---- Listed records

Lemma irredp_finField_rootsP (F : finFieldType) (L : splittingFieldType F)
    (f : {poly F}) (t y : L) :
  irreducible_poly f -> root (map_poly (in_alg L) f) t ->
  root (map_poly (in_alg L) f) y <-> exists i, y = t ^+ (#|F| ^ i).
Proof.
move=> f_irr ft; rewrite -minPoly1_finField_rootsP.
have [g gE] := polyOver1P (minPolyOver 1 t).
have f_dvd_g : f %| g by apply: (irredp_dvdp_root f_irr ft); rewrite -gE root_minPoly.
have minPoly_dvd : minPoly 1 t %| map_poly (in_alg L) f.
  by apply: minPoly_dvdp ft; apply/polyOver1P; exists f.
split=> [fy | /(root_dvdp minPoly_dvd) //].
by rewrite gE; apply: root_dvdp fy; rewrite dvdp_map.
Qed.

Lemma SCRIM_invX_rootP (F : finFieldType) (L : fieldExtType F) q (f : {poly F}) (t : L) :
  [pchar L].-nat q -> f \is monic -> irreducible_poly f -> f`_0 != 0 ->
  root (map_poly (in_alg L) f) t ->
  SCRIM q f <-> root (map_poly (in_alg L) f) (t^-1 ^+ q).
Proof.
move=> q_pchar f_monic f_irr f0 ft; have q_gt0 : (0 < q)%N by case/andP: q_pchar.
have t_neq0 : t != 0.
  apply: contraNneq f0 => t0; move: ft.
  by rewrite t0 rootE horner_coef0 coef_map fmorph_eq0.
have dagger_root := root_conj_recip q_pchar t_neq0 ft.
split=> [[_ _ _ fE] | ft']; first by rewrite fE.
split=> //; apply/eqP; rewrite -eqp_monic ?conjq_monic ?recip_monic //.
rewrite -dvdp_size_eqp ?size_conjq ?size_recip //.
exact: irredp_dvdp_root ft' dagger_root.
Qed.

Lemma root_dvdp_Xn_sub1 (R : fieldType) (S : idomainType) (phi : {rmorphism R -> S})
    n (f : {poly R}) t :
  f %| 'X^n - 1 -> root (map_poly phi f) t -> t ^+ n = 1.
Proof.
move=> f_dvd ft; have : root (map_poly phi ('X^n - 1)) t.
  by apply: root_dvdp ft; rewrite dvdp_map.
by rewrite rmorphB /= map_polyXn rmorph1 rootE !hornerE subr_eq0 => /eqP.
Qed.

Lemma coef0_dvdp_Xn_sub1 (R : fieldType) n (f : {poly R}) :
  (0 < n)%N -> f %| 'X^n - 1 -> f`_0 != 0.
Proof.
move=> n_gt0 f_dvd; apply/eqP => f0.
have /(root_dvdp f_dvd) : root f 0 by rewrite rootE horner_coef0 f0.
by rewrite rootE !hornerE expr0n gtn_eqF // sub0r oppr_eq0 oner_eq0.
Qed.

Lemma root_sumXn_prim (R : idomainType) l (t : R) : prime l -> l%:R != 0 :> R ->
  root (\sum_(i < l) 'X^i) t -> l.-primitive_root t.
Proof.
move=> l_prime l_neq0 /rootP; rewrite horner_sum; under eq_bigr do rewrite hornerXn.
move=> sum0; have tl1 : t ^+ l = 1 by apply/eqP; rewrite -subr_eq0 subrX1 sum0 mulr0.
have t_neq1 : t != 1.
  apply: contra_neq l_neq0 => t1; rewrite -sum0 t1.
  by under eq_bigr do rewrite expr1n; rewrite sumr_const card_ord.
have [m m_prim m_dvd] := prim_order_exists (prime_gt0 l_prime) tl1.
case/primeP: l_prime => _ /(_ m m_dvd) /orP [/eqP m1 | /eqP <- //].
by move: (prim_expr_order m_prim); rewrite m1 expr1 => /eqP; rewrite (negbTE t_neq1).
Qed.

Lemma exists_irredp_prim_root (F : fieldType) l : prime l -> l%:R != 0 :> F ->
  exists f, [/\ f \is monic, irreducible_poly f, f %| 'X^l - 1 &
    forall (L : fieldExtType F) (t : L), root (map_poly (in_alg L) f) t -> l.-primitive_root t].
Proof.
move=> l_prime l_neq0; pose Phi : {poly F} := \sum_(i < l) 'X^i.
have XlE : 'X^l - 1 = ('X - 1) * Phi := subrX1 'X l.
have size_Xl : size ('X^l - 1 : {poly F}) = l.+1 by rewrite -polyC1 size_XnsubC ?prime_gt0.
have Phi_neq0 : Phi != 0.
  by apply/eqP => Phi0; move: size_Xl; rewrite XlE Phi0 mulr0 size_poly0.
have Phi_size : (1 < size Phi)%N.
  move: size_Xl; rewrite XlE size_mul ?polyXsubC_eq0 // -polyC1 size_XsubC /=.
  by case; rewrite add0n => ->; apply: prime_gt1.
have [f [f_monic f_irr f_dvd]] := exists_monic_irredp_dvdp Phi_size.
exists f; split=> //; first by rewrite XlE dvdp_mull.
move=> L t ft; apply: root_sumXn_prim => //.
  by rewrite -(rmorph_nat (in_alg L)) fmorph_eq0.
have PhiL : map_poly (in_alg L) Phi = \sum_(i < l) 'X^i.
  by rewrite rmorph_sum; apply: eq_bigr => i _; apply: map_polyXn.
by rewrite -PhiL; apply: root_dvdp ft; rewrite dvdp_map.
Qed.

Lemma prim_root_invXE (R : fieldType) l (t : R) a b : l.-primitive_root t ->
  (t^-1 ^+ a == t ^+ b) = (l %| a + b)%N.
Proof.
move=> t_prim; have t_neq0 : t != 0.
  apply/eqP => t0; move: (prim_expr_order t_prim).
  by rewrite t0 expr0n gtn_eqF ?(prim_order_gt0 t_prim) // => /eqP; rewrite eq_sym oner_eq0.
rewrite (prim_order_dvd t_prim) exprD exprVn.
by apply/eqP/eqP => [<- | /mulr1_eq //]; rewrite mulfV ?expf_neq0.
Qed.

Lemma unity_root_invX (R : fieldType) l (t : R) a b : (0 < l)%N -> t ^+ l = 1 ->
  (l %| a + b)%N -> t^-1 ^+ a = t ^+ b.
Proof.
move=> l_gt0 tl1 l_dvd; have [m t_prim m_dvd] := prim_order_exists l_gt0 tl1.
by apply/eqP; rewrite (prim_root_invXE _ _ t_prim) (dvdn_trans m_dvd).
Qed.

Unset Implicit Arguments.

Theorem theorem2p2 (F : finFieldType) (q l : nat) :
  (exists p k : nat, [/\ prime p, (0 < k)%N & q = (p ^ k)%N]) ->
  #|F| = (q ^ 2)%N ->
  prime l -> odd l -> ~~ (l %| q)%N ->
  (forall f : {poly F},
      f \is monic -> irreducible_poly f -> f %| 'X^l - 1 -> SCRIM q f)
  <-> (odd (ord_mod l (q ^ 2)) /\ ~~ odd (ord_mod l q)).
Proof.
move=> [p [k [p_prime k_gt0 qE]]] cardF l_prime l_odd l_Ndvd_q.
have co_ql : coprime q l by rewrite coprime_sym prime_coprime.
have p_char : p \in [pchar F] by apply: (@card_finPcharP _ _ (k * 2)); rewrite // cardF qE expnM.
have q_pchar (L : fieldExtType F) : [pchar L].-nat q.
  by rewrite qE pnatX pnatE // (pchar_lalg L) p_char.
have l_neq0 : l%:R != 0 :> F.
  rewrite -(dvdn_pcharf p_char) dvdn_prime2 //.
  by apply: contraNneq l_Ndvd_q => <-; rewrite qE dvdn_exp.
rewrite -odd_expn_add1P // -sqr_expn_addP // -cardF.
split=> [all_SCRIM | [i l_dvd] f f_monic f_irr f_dvd].
  have [f [f_monic f_irr f_dvd f_prim]] := exists_irredp_prim_root l_prime l_neq0.
  have [L [t ft]] := exists_root_splittingField f_irr.1.
  have f_SCRIM := all_SCRIM f f_monic f_irr f_dvd; have [_ _ f0 _] := f_SCRIM.
  have /(irredp_finField_rootsP _ f_irr ft) [i /eqP] :=
    (SCRIM_invX_rootP (q_pchar L) f_monic f_irr f0 ft).1 f_SCRIM.
  by rewrite (prim_root_invXE _ _ (f_prim L t ft)) addnC; exists i.
have [L [t ft]] := exists_root_splittingField f_irr.1.
have f0 := coef0_dvdp_Xn_sub1 (prime_gt0 l_prime) f_dvd.
apply/(SCRIM_invX_rootP (q_pchar L) f_monic f_irr f0 ft)/(irredp_finField_rootsP _ f_irr ft).
exists i; apply: (unity_root_invX (prime_gt0 l_prime) (root_dvdp_Xn_sub1 f_dvd ft)).
by rewrite addnC.
Qed.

--------

In the listing above, find the line with "by move: (prim_expr_order" and the line with "rewrite (prim_order_dvd t_prim) exprD exprVn.", then print exactly those lines and every line between them.

by move: (prim_expr_order m_prim); rewrite m1 expr1 => /eqP; rewrite (negbTE t_neq1).
Qed.

Lemma exists_irredp_prim_root (F : fieldType) l : prime l -> l%:R != 0 :> F ->
  exists f, [/\ f \is monic, irreducible_poly f, f %| 'X^l - 1 &
    forall (L : fieldExtType F) (t : L), root (map_poly (in_alg L) f) t -> l.-primitive_root t].
Proof.
move=> l_prime l_neq0; pose Phi : {poly F} := \sum_(i < l) 'X^i.
have XlE : 'X^l - 1 = ('X - 1) * Phi := subrX1 'X l.
have size_Xl : size ('X^l - 1 : {poly F}) = l.+1 by rewrite -polyC1 size_XnsubC ?prime_gt0.
have Phi_neq0 : Phi != 0.
  by apply/eqP => Phi0; move: size_Xl; rewrite XlE Phi0 mulr0 size_poly0.
have Phi_size : (1 < size Phi)%N.
  move: size_Xl; rewrite XlE size_mul ?polyXsubC_eq0 // -polyC1 size_XsubC /=.
  by case; rewrite add0n => ->; apply: prime_gt1.
have [f [f_monic f_irr f_dvd]] := exists_monic_irredp_dvdp Phi_size.
exists f; split=> //; first by rewrite XlE dvdp_mull.
move=> L t ft; apply: root_sumXn_prim => //.
  by rewrite -(rmorph_nat (in_alg L)) fmorph_eq0.
have PhiL : map_poly (in_alg L) Phi = \sum_(i < l) 'X^i.
  by rewrite rmorph_sum; apply: eq_bigr => i _; apply: map_polyXn.
by rewrite -PhiL; apply: root_dvdp ft; rewrite dvdp_map.
Qed.

Lemma prim_root_invXE (R : fieldType) l (t : R) a b : l.-primitive_root t ->
  (t^-1 ^+ a == t ^+ b) = (l %| a + b)%N.
Proof.
move=> t_prim; have t_neq0 : t != 0.
  apply/eqP => t0; move: (prim_expr_order t_prim).
  by rewrite t0 expr0n gtn_eqF ?(prim_order_gt0 t_prim) // => /eqP; rewrite eq_sym oner_eq0.
rewrite (prim_order_dvd t_prim) exprD exprVn.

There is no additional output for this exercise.